Collected data:

(* Let $l\ge0$ be an integer and, for $\zeta,\eta>0$, let $$\mathcal{G}_0(\zeta,\eta)=\frac{\eta^{l+1}\zeta^{-l}-\zeta^{l+1}\eta^{-l}}{2l+1},\qquad H_0(\zeta)=\sqrt{\tfrac{2}{\pi}}\,e^{\zeta}\zeta^{1/2}K_{l+1/2}(\zeta),$$ where $K_{l+1/2}$ is the modified Bessel function of the second kind. Then for every $\zeta>0$, $$\int_\zeta^\infty e^{-\eta+\zeta}\mathcal{G}_0(\zeta,\eta)\frac{H_0(\eta)}{H_0(\zeta)}d\eta=1,\qquad \int_\zeta^\infty e^{-\eta+\zeta}\,\partial_\zeta\mathcal{G}_0(\zeta,\eta)\frac{H_0(\eta)}{H_0(\zeta)}d\eta=-1+\frac{H_0'(\zeta)}{H_0(\zeta)}.$$ *)

From Stdlib Require Import Reals.
From Coquelicot Require Import Coquelicot.
Open Scope R_scope.

(* Modified Bessel function of the second kind, defined (for x > 0) by the
   standard integral representation K_nu(x) = int_0^oo exp(-x cosh t) cosh(nu t) dt
   (DLMF 10.32.9). *)
Definition BesselK (nu x : R) : R :=
  RInt_gen (fun t => exp (- x * cosh t) * cosh (nu * t))
           (at_point 0) (Rbar_locally p_infty).

Definition G0 (l : nat) (zeta eta : R) : R :=
  (eta ^ (l + 1) / zeta ^ l - zeta ^ (l + 1) / eta ^ l) / (2 * INR l + 1).

Definition H0 (l : nat) (zeta : R) : R :=
  sqrt (2 / PI) * exp zeta * sqrt zeta * BesselK (INR l + / 2) zeta.

(* Up to a positive constant, [H0 l] is the reduced Bessel polynomial [q_l] in [1/x]:
   the substitution [w = sqrt (2x) sinh (t/2)] turns [K_(1/2)] into a Gaussian integral,
   so [K_(1/2) x = c e^(-x) / sqrt x], and integration by parts gives the recurrence
   [K_(nu+1) = K_(nu-1) + 2 nu / x K_nu].  Hence [y = e^(-x) q_l] solves
   [y'' = (1 + l(l+1)/x^2) y], whereas [eta |-> G0 l zeta eta] and its [zeta]-derivative
   are combinations of [eta^(l+1)] and [eta^(-l)], which solve [g'' = l(l+1)/x^2 g].
   For such a pair [g y' - g' y] is an antiderivative of [g y] that vanishes at infinity,
   so both integrals are boundary values at [eta = zeta]: there [G0] vanishes with unit
   slope, while its [zeta]-derivative equals [-1] with zero slope. *)

From Stdlib Require Import Reals Lra Lia Factorial.
From Coquelicot Require Import Coquelicot.
Open Scope R_scope.

Lemma filter_prod_at_point_p_infty (a : R) :
  filter_prod (at_point a) (Rbar_locally p_infty) (fun ab => fst ab = a /\ a < snd ab).
Proof.
  apply Filter_prod with (fun x => x = a) (fun b => a < b).
  - reflexivity.
  - exists a. auto.
  - auto.
Qed.

Lemma is_RInt_gen_ext_gt (f g : R -> R) (a v : R) :
  (forall x, a < x -> f x = g x) ->
  is_RInt_gen f (at_point a) (Rbar_locally p_infty) v ->
  is_RInt_gen g (at_point a) (Rbar_locally p_infty) v.
Proof.
  intros Hfg. apply is_RInt_gen_ext.
  eapply filter_imp; [|apply filter_prod_at_point_p_infty].
  intros [u b] [Hu Hb] x Hx. simpl in *. subst u.
  rewrite Rmin_left in Hx by lra. apply Hfg. lra.
Qed.

Lemma is_RInt_gen_antiderivative (F f : R -> R) (a0 a L : R) :
  a0 < a ->
  (forall x, a0 < x -> is_derive F x (f x)) ->
  (forall x, a0 < x -> continuous f x) ->
  filterlim F (Rbar_locally p_infty) (locally L) ->
  is_RInt_gen f (at_point a) (Rbar_locally p_infty) (L - F a).
Proof.
  intros Ha HF Hf HL.
  assert (Hsegment : forall P : R -> Prop, (forall x, a0 < x -> P x) ->
    filter_prod (at_point a) (Rbar_locally p_infty)
      (fun ab => forall x, Rmin (fst ab) (snd ab) <= x <= Rmax (fst ab) (snd ab) -> P x)).
  { intros P HP. eapply filter_imp; [|apply filter_prod_at_point_p_infty].
    intros [u b] [Hu Hb] x Hx. simpl in *. subst u.
    rewrite Rmin_left in Hx by lra. apply HP. lra. }
  apply (is_RInt_gen_ext_gt (Derive F)).
  { intros x Hx. apply is_derive_unique, HF. lra. }
  apply is_RInt_gen_Derive.
  - apply Hsegment. intros x Hx. eexists. now apply HF.
  - apply Hsegment. intros x Hx.
    apply continuous_ext_loc with f; [|now apply Hf].
    apply filter_imp with (fun u => a0 < u); [|now apply open_gt].
    intros u Hu. symmetry. now apply is_derive_unique, HF.
  - intros P HP. unfold filtermap, at_point. now apply locally_singleton.
  - exact HL.
Qed.

Lemma continuous_of_ex_derive (f : R -> R) x : ex_derive f x -> continuous f x.
Proof. apply (ex_derive_continuous (K := R_AbsRing) (V := R_NormedModule)). Qed.

Lemma Derive_eta (f : R -> R) x l : is_derive f x l -> Derive (fun y => f y) x = l.
Proof. apply is_derive_unique. Qed.

Lemma filterlim_p_infty_0_of_bound (g : R -> R) (K T : R) :
  (forall t, T < t -> Rabs (g t) <= K / t) ->
  filterlim g (Rbar_locally p_infty) (locally 0).
Proof.
  intros Hg.
  assert (HK : is_lim (fun t => K / t) p_infty 0).
  { replace (Finite 0) with (Rbar_mult K (Rbar_inv p_infty)) by (simpl; f_equal; ring).
    apply is_lim_scal_l, is_lim_inv; [apply is_lim_id | discriminate]. }
  apply (filterlim_le_le (fun t => - (K / t)) g (fun t => K / t) 0).
  - exists T. intros t Ht. apply Rabs_le_between, Hg, Ht.
  - replace (Finite 0) with (Rbar_opp 0) by (simpl; f_equal; ring).
    exact (is_lim_opp _ p_infty 0 HK).
  - exact HK.
Qed.

Definition poly_bounded (h : R -> R) : Prop :=
  exists (k : nat) (M : R), forall x, 1 <= x -> Rabs (h x) <= M * x ^ k.

Lemma poly_bounded_const c : poly_bounded (fun _ => c).
Proof. exists O, (Rabs c). intros x _. simpl. lra. Qed.

Lemma poly_bounded_pow n : poly_bounded (fun x => x ^ n).
Proof.
  exists n, 1. intros x Hx. rewrite Rabs_pos_eq by (apply pow_le; lra). lra.
Qed.

Lemma poly_bounded_inv_pow n : poly_bounded (fun x => / x ^ n).
Proof.
  exists O, 1. intros x Hx. simpl.
  assert (1 <= x ^ n) by (apply pow_R1_Rle; lra).
  rewrite Rabs_pos_eq by (left; apply Rinv_0_lt_compat; lra).
  rewrite Rmult_1_r, <- Rinv_1. apply Rinv_le_contravar; lra.
Qed.

Lemma poly_bounded_inv : poly_bounded (fun x => / x).
Proof.
  destruct (poly_bounded_inv_pow 1) as [k [M HM]]. exists k, M.
  intros x Hx. rewrite <- (pow_1 x) at 1. now apply HM.
Qed.

Lemma poly_bounded_plus f g :
  poly_bounded f -> poly_bounded g -> poly_bounded (fun x => f x + g x).
Proof.
  intros [k1 [M1 H1]] [k2 [M2 H2]]. exists (k1 + k2)%nat, (Rabs M1 + Rabs M2).
  intros x Hx. specialize (H1 x Hx). specialize (H2 x Hx).
  assert (Hle : forall k M, (k <= k1 + k2)%nat -> M * x ^ k <= Rabs M * x ^ (k1 + k2)).
  { intros k M Hk. apply Rle_trans with (Rabs M * x ^ k).
    - apply Rmult_le_compat_r; [apply pow_le; lra | apply Rle_abs].
    - apply Rmult_le_compat_l; [apply Rabs_pos | apply Rle_pow; [lra | exact Hk]]. }
  pose proof (Rabs_triang (f x) (g x)).
  pose proof (Hle k1 M1 ltac:(lia)). pose proof (Hle k2 M2 ltac:(lia)). lra.
Qed.

Lemma poly_bounded_opp f : poly_bounded f -> poly_bounded (fun x => - f x).
Proof. intros [k [M H]]. exists k, M. intros x Hx. rewrite Rabs_Ropp. auto. Qed.

Lemma poly_bounded_minus f g :
  poly_bounded f -> poly_bounded g -> poly_bounded (fun x => f x - g x).
Proof. intros. apply poly_bounded_plus; [|apply poly_bounded_opp]; assumption. Qed.

Lemma poly_bounded_mult f g :
  poly_bounded f -> poly_bounded g -> poly_bounded (fun x => f x * g x).
Proof.
  intros [k1 [M1 H1]] [k2 [M2 H2]]. exists (k1 + k2)%nat, (M1 * M2).
  intros x Hx. rewrite Rabs_mult, pow_add.
  replace (M1 * M2 * (x ^ k1 * x ^ k2)) with ((M1 * x ^ k1) * (M2 * x ^ k2)) by ring.
  apply Rmult_le_compat; auto using Rabs_pos.
Qed.

Lemma pow_le_fact_mul_exp n t : 0 <= t -> t ^ n <= INR (fact n) * exp t.
Proof.
  intros Ht. pose proof (exp_ge_taylor t n Ht) as Htaylor.
  assert (Hfact : 0 < INR (fact n)) by apply INR_fact_lt_0.
  destruct n as [|n].
  - simpl in *. lra.
  - rewrite tech5 in Htaylor.
    assert (0 <= sum_f_R0 (fun k => t ^ k / INR (fact k)) n).
    { apply cond_pos_sum. intros k. apply Rdiv_le_0_compat;
        [apply pow_le; lra | apply INR_fact_lt_0]. }
    assert (Hlast : t ^ S n / INR (fact (S n)) <= exp t) by lra.
    apply Rmult_le_compat_r with (r := INR (fact (S n))) in Hlast; [|lra].
    unfold Rdiv in Hlast. rewrite Rmult_assoc, Rinv_l, Rmult_1_r in Hlast by lra. lra.
Qed.

Lemma filterlim_poly_bounded_mul_exp_opp h :
  poly_bounded h -> filterlim (fun x => h x * exp (- x)) (Rbar_locally p_infty) (locally 0).
Proof.
  intros [k [M HM]].
  apply filterlim_p_infty_0_of_bound with (Rabs M * INR (fact (S k))) 1.
  intros t Ht.
  pose proof (pow_le_fact_mul_exp (S k) t ltac:(lra)) as Hpow. simpl pow in Hpow.
  assert (0 < exp t) by apply exp_pos.
  rewrite Rabs_mult, (Rabs_pos_eq (exp (- t))), exp_Ropp by (left; apply exp_pos).
  apply Rle_trans with (Rabs M * t ^ k * / exp t).
  { apply Rmult_le_compat_r; [left; now apply Rinv_0_lt_compat|].
    eapply Rle_trans; [now apply HM; lra|].
    apply Rmult_le_compat_r; [apply pow_le; lra | apply Rle_abs]. }
  apply (Rmult_le_reg_r (exp t * t)); [nra|].
  replace (Rabs M * t ^ k * / exp t * (exp t * t)) with (Rabs M * (t * t ^ k)) by (field; lra).
  replace (Rabs M * INR (fact (S k)) / t * (exp t * t))
    with (Rabs M * (INR (fact (S k)) * exp t)) by (field; lra).
  apply Rmult_le_compat_l; [apply Rabs_pos | exact Hpow].
Qed.

Lemma exp_le_compat x y : x <= y -> exp x <= exp y.
Proof. intros [Hxy | ->]; [left; now apply exp_increasing | lra]. Qed.

Definition gauss (c : R) : R := RInt (fun w => exp (- (w * w))) 0 c.

Lemma ex_RInt_gauss a b : ex_RInt (fun w => exp (- (w * w))) a b.
Proof.
  apply (ex_RInt_continuous (V := R_CompleteNormedModule)).
  intros w _. apply continuous_of_ex_derive. auto_derive. exact I.
Qed.

Lemma is_derive_gauss c : is_derive gauss c (exp (- (c * c))).
Proof.
  apply (is_derive_RInt (fun w => exp (- (w * w))) gauss 0 c).
  - apply filter_forall. intros b. exact (RInt_correct _ _ _ (ex_RInt_gauss 0 b)).
  - apply continuous_of_ex_derive. auto_derive. exact I.
Qed.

**AIM OF THE EXERCISE**: List, from the entries above, every line in which the word "Reals" shows up.

**WRITTEN SOLUTION**:
From Stdlib Require Import Reals.
From Stdlib Require Import Reals Lra Lia Factorial.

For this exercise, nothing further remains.